▸ **Task objective**: Your answer should be the lines below from the one holding "by rewrite (negbTE eS)." through the one holding "by case: (e \in S1); rewrite ?addn0.", copied exactly and with nothing else.

Collected data
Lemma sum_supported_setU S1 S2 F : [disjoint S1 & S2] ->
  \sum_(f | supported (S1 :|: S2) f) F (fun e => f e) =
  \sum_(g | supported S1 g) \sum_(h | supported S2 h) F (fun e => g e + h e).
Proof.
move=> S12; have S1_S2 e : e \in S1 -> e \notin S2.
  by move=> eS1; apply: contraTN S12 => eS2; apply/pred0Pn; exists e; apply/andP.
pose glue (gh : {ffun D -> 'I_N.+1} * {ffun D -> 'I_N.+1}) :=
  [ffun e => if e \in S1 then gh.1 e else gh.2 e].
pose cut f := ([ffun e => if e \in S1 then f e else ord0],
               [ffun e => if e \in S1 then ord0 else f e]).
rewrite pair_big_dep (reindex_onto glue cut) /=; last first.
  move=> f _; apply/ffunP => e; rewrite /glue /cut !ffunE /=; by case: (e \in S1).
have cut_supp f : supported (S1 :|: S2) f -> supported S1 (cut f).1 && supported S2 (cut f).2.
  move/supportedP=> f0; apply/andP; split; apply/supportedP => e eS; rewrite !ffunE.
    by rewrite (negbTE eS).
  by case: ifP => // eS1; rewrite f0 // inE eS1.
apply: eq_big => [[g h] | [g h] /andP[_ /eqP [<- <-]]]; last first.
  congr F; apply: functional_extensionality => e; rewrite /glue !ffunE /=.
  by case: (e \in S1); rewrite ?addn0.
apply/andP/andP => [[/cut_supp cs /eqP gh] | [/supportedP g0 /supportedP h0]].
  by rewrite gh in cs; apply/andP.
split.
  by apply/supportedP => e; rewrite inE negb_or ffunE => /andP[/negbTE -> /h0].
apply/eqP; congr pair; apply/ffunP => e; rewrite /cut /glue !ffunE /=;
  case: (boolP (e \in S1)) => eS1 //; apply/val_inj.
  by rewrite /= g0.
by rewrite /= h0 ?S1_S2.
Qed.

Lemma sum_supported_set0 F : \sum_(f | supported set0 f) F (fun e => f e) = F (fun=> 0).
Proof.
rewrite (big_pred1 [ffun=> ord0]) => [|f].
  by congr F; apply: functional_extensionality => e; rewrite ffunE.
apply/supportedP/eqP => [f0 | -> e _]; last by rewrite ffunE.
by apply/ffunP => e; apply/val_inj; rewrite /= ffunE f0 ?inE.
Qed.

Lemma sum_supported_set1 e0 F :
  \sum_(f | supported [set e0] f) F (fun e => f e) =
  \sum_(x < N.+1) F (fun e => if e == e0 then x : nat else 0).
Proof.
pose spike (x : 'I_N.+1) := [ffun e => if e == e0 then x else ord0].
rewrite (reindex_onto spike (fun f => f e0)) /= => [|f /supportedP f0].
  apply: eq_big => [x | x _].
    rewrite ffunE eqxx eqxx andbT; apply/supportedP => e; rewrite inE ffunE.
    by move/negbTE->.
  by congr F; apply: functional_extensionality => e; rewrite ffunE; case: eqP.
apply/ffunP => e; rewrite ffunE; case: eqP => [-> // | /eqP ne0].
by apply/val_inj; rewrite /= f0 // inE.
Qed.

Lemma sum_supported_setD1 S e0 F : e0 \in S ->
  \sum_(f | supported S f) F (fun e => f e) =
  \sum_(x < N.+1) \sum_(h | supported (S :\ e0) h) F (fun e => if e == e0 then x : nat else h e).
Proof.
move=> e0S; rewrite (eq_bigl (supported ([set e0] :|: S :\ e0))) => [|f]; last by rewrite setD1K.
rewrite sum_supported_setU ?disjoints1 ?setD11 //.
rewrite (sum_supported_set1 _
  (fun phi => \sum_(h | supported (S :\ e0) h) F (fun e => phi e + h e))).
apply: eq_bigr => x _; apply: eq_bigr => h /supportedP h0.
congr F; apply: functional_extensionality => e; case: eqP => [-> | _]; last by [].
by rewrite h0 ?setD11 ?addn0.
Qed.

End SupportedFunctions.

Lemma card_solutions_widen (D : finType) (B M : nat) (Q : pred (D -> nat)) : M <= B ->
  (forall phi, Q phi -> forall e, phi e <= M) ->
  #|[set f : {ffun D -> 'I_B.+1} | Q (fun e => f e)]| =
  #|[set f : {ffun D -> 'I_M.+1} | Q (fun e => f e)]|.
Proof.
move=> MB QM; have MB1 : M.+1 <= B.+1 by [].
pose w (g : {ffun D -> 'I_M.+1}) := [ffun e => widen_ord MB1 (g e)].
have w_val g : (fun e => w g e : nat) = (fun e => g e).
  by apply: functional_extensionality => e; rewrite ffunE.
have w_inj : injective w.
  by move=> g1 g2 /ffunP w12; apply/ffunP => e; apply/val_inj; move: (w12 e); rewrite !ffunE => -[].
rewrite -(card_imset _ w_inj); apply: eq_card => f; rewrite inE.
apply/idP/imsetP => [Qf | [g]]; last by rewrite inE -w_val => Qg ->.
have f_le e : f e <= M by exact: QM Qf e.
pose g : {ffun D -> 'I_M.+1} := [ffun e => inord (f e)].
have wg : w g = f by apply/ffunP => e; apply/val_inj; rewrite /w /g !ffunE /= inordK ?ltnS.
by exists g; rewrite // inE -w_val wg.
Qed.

▸ **Solution to this exercise**:
    by rewrite (negbTE eS).
  by case: ifP => // eS1; rewrite f0 // inE eS1.
apply: eq_big => [[g h] | [g h] /andP[_ /eqP [<- <-]]]; last first.
  congr F; apply: functional_extensionality => e; rewrite /glue !ffunE /=.
  by case: (e \in S1); rewrite ?addn0.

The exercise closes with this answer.